Let’s use this better model to make predictions about each state, and see how accurate these are. In states that are less accurate, other variables (that we have not included in the model) may be important, and could be causing the variance between our predictions and the actual percent_total_pop_vaxxed.

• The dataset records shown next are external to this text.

(* On a subinterval of [(0, oo)], [E < 0] gives strict log-concavity of [dI]:
   [(ln dI)' = Lf] has derivative [E / (x v)^2 < 0]. *)
Lemma dI_log_concave (D : R -> Prop) :
  is_interval D -> (forall x, D x -> 0 < x) -> (forall x, D x -> E x < 0) ->
  strictly_log_concave_on dI D.
Proof.
  intros HD Hpos Hneg; split.
  - intros x Dx; rewrite dI_closed_form by auto; apply f_pos; auto.
  - intros x y t Dx Dy Hne Ht; pose proof (Hpos x Dx); pose proof (Hpos y Dy).
    assert (0 < t * x + (1 - t) * y) by nra.
    rewrite !dI_closed_form by assumption.
    apply (strictly_concave_of_decreasing_derivative D (fun z => ln (f z)) Lf); auto.
    + intros z Dz; apply ln_f_derivative; auto.
    + apply (decreasing_of_negative_derivative D Lf (fun z => E z / (z * v z) ^ 2)); auto.
      * intros z Dz; apply Lf_derivative; auto.
      * intros z Dz; pose proof (Hpos z Dz); pose proof (v_ge_1 z); pose proof (Hneg z Dz).
        apply Rdiv_neg_pos; [assumption | apply pow_lt; nra].
Qed.

(* Symmetrically, [E > 0] gives strict log-convexity (concavity of [- ln dI]). *)
Lemma dI_log_convex (D : R -> Prop) :
  is_interval D -> (forall x, D x -> 0 < x) -> (forall x, D x -> 0 < E x) ->
  strictly_log_convex_on dI D.
Proof.
  intros HD Hpos HposE; split.
  - intros x Dx; rewrite dI_closed_form by auto; apply f_pos; auto.
  - intros x y t Dx Dy Hne Ht; pose proof (Hpos x Dx); pose proof (Hpos y Dy).
    assert (0 < t * x + (1 - t) * y) by nra.
    rewrite !dI_closed_form by assumption.
    enough (t * - ln (f x) + (1 - t) * - ln (f y) < - ln (f (t * x + (1 - t) * y))) by lra.
    apply (strictly_concave_of_decreasing_derivative D (fun z => - ln (f z)) (fun z => - Lf z)); auto.
    + intros z Dz; apply (derivable_pt_lim_opp (fun z => ln (f z))), ln_f_derivative; auto.
    + apply (decreasing_of_negative_derivative D (fun z => - Lf z)
               (fun z => - (E z / (z * v z) ^ 2))); auto.
      * intros z Dz; apply (derivable_pt_lim_opp Lf), Lf_derivative; auto.
      * intros z Dz; pose proof (Hpos z Dz); pose proof (v_ge_1 z); pose proof (HposE z Dz).
        enough (0 < E z / (z * v z) ^ 2) by lra.
        apply Rdiv_lt_0_compat; [assumption | apply pow_lt; nra].
Qed.

End LogConcavityOfDerivative.

Theorem theorem1 :
  forall (nu : R) (dI : R -> R),
    -1 < nu ->
    (forall x, 0 < x -> derivable_pt_lim (Inu nu) x (dI x)) ->
    (* (a) *)
    (nu <= -1/2 -> strictly_log_concave_on dI (fun x => 0 < x)) /\
    (* (b) *)
    strictly_log_concave_on dI (fun x => 0 < x < sqrt (2 * (nu + 3))) /\
    (* (c) *)
    (-1/2 < nu ->
      exists xnu, sqrt (2 * (nu + 3)) < xnu /\
        strictly_log_concave_on dI (fun x => 0 < x < xnu) /\
        strictly_log_convex_on dI (fun x => xnu < x)).
Proof.
  intros nu dI Hnu HdI.
  set (x0 := sqrt (2 * (nu + 3))).
  assert (Hx0 : 0 < x0) by (apply sqrt_lt_R0; lra).
  pose proof (E_neg_at_threshold nu Hnu) as HEx0; fold x0 in HEx0.
  split; [|split].
  - intros Hsmall; apply (dI_log_concave nu Hnu dI HdI); [red; intros; lra | auto |].
    intros x Hx; apply E_neg_small_nu; assumption.
  - apply (dI_log_concave nu Hnu dI HdI); [red; intros; lra | intros; lra |].
    intros x Hx; destruct (Rle_or_lt nu (-1 / 2)) as [Hsmall | Hbig]; [apply E_neg_small_nu; lra|].
    pose proof (E_increasing nu Hnu x x0 Hbig ltac:(lra) ltac:(lra)); lra.
  - intros Hbig.
    destruct (E_pos_somewhere nu Hnu Hbig) as [X [HX HEX]].
    assert (HxX : x0 < X).
    { apply Rnot_le_lt; intros [Hlt | ->]; [|lra].
      pose proof (E_increasing nu Hnu X x0 Hbig HX Hlt); lra. }
    destruct (IVT (E nu) x0 X (E_continuous nu Hnu) HxX HEx0 HEX) as [z [Hz Ez]].
    assert (Hxz : x0 < z) by (destruct Hz as [[Hlt | <-] _]; lra).
    exists z; split; [exact Hxz | split].
    + apply (dI_log_concave nu Hnu dI HdI); [red; intros; lra | intros; lra |].
      intros x Hx; pose proof (E_increasing nu Hnu x z Hbig ltac:(lra) ltac:(lra)); lra.
    + apply (dI_log_convex nu Hnu dI HdI); [red; intros; lra | intros; lra |].
      intros x Hx; pose proof (E_increasing nu Hnu z x Hbig ltac:(lra) ltac:(lra)); lra.
Qed.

predicted <- vax_demog %>%
lm(percent_total_pop_vaxxed ~ pct_aa + trump_percent, data = .) %>%
broom::augment() %>%
rename(predicted = .fitted)
predictions_by_state <- vax_demog %>%
select(state, trump_percent) %>%
right_join(predicted)
## Joining, by = "trump_percent"
predictions_by_state %>%
select(state, trump_percent, pct_aa, percent_total_pop_vaxxed, predicted) %>%
flextable::flextable()
state | trump_percent | pct_aa | percent_total_pop_vaxxed | predicted |
District of Columbia | 5.40 | 60.00 | 54.22960 | 52.41792 |
Mississippi | 57.60 | 36.33 | 29.31156 | 31.38639 |
Louisiana | 58.46 | 32.32 | 32.46006 | 31.96181 |
South Carolina | 55.11 | 29.48 | 36.08423 | 34.42167 |
Georgia | 49.24 | 28.61 | 34.05570 | 37.68615 |
Maryland | 32.15 | 27.72 | 46.98692 | 46.77199 |
Alabama | 62.03 | 25.93 | 29.61555 | 31.73854 |
North Carolina | 49.93 | 21.54 | 38.43342 | 39.12901 |
Virginia | 44.00 | 19.55 | 45.95004 | 42.70982 |
Delaware | 39.77 | 18.99 | 45.74028 | 45.04520 |
Tennessee | 60.66 | 16.34 | 34.15777 | 34.89105 |
New York | 37.75 | 15.74 | 46.31530 | 46.92003 |
Arkansas | 62.40 | 15.63 | 33.73774 | 34.16988 |
Illinois | 40.55 | 15.01 | 43.44102 | 45.65446 |
Florida | 51.22 | 14.47 | 42.06562 | 40.26083 |
Michigan | 47.84 | 14.10 | 41.59108 | 42.10720 |
New Jersey | 41.40 | 13.40 | 46.92433 | 45.62386 |
Texas | 52.06 | 11.44 | 37.92969 | 40.59705 |
Ohio | 53.27 | 11.35 | 41.02814 | 39.99272 |
Missouri | 56.80 | 11.12 | 37.27400 | 38.22140 |
Pennsylvania | 48.84 | 9.87 | 46.27757 | 42.66608 |
Connecticut | 39.19 | 8.98 | 53.76829 | 47.89514 |
Indiana | 57.02 | 8.30 | 36.27240 | 38.82554 |
Oklahoma | 65.37 | 7.49 | 37.05195 | 34.70331 |
Kentucky | 62.09 | 7.27 | 39.59623 | 36.45964 |
Nevada | 47.67 | 6.63 | 39.17783 | 44.09773 |
California | 34.32 | 6.55 | 46.26807 | 51.03853 |
Kansas | 56.21 | 5.60 | 38.79716 | 39.93304 |
Wisconsin | 48.82 | 5.60 | 45.57027 | 43.76390 |
Massachusetts | 32.14 | 5.31 | 53.96797 | 52.48440 |
Rhode Island | 38.61 | 4.32 | 50.78738 | 49.38258 |
Nebraska | 58.22 | 3.94 | 42.50621 | 39.31385 |
Colorado | 41.90 | 3.70 | 46.41418 | 47.83500 |
Alaska | 52.83 | 3.50 | 41.24348 | 42.21999 |
Minnesota | 45.28 | 3.41 | 45.82595 | 46.15671 |
Washington | 38.77 | 3.14 | 46.22629 | 49.60016 |
West Virginia | 68.62 | 3.10 | 35.62278 | 34.13658 |
Arizona | 49.06 | 3.01 | 40.47817 | 44.29909 |
Iowa | 53.09 | 2.04 | 43.66605 | 42.45704 |
New Mexico | 43.50 | 1.84 | 48.99970 | 47.47927 |
Hawaii | 34.27 | 1.73 | 51.72683 | 52.29197 |
Oregon | 40.37 | 1.55 | 44.64318 | 49.17567 |
New Hampshire | 45.36 | 0.73 | 46.10259 | 46.79777 |
Utah | 58.13 | 0.72 | 37.92714 | 40.18055 |
Wyoming | 69.94 | 0.63 | 33.93485 | 34.08136 |
South Dakota | 61.77 | 0.60 | 43.45425 | 38.32419 |
North Dakota | 65.11 | 0.57 | 39.60440 | 36.60043 |
Vermont | 30.67 | 0.49 | 55.72396 | 54.47395 |
Maine | 44.02 | 0.47 | 52.78062 | 47.55862 |
Idaho | 63.84 | 0.41 | 33.10704 | 37.29953 |
Montana | 56.92 | 0.26 | 39.30872 | 40.92494 |
Most of these predictions are pretty accurate, between 1-3% of the actual values. There may be a west coast vaccine fear factor, as several states are lower than predicted by these 2 variables, and the Dakotas are higher than predicted.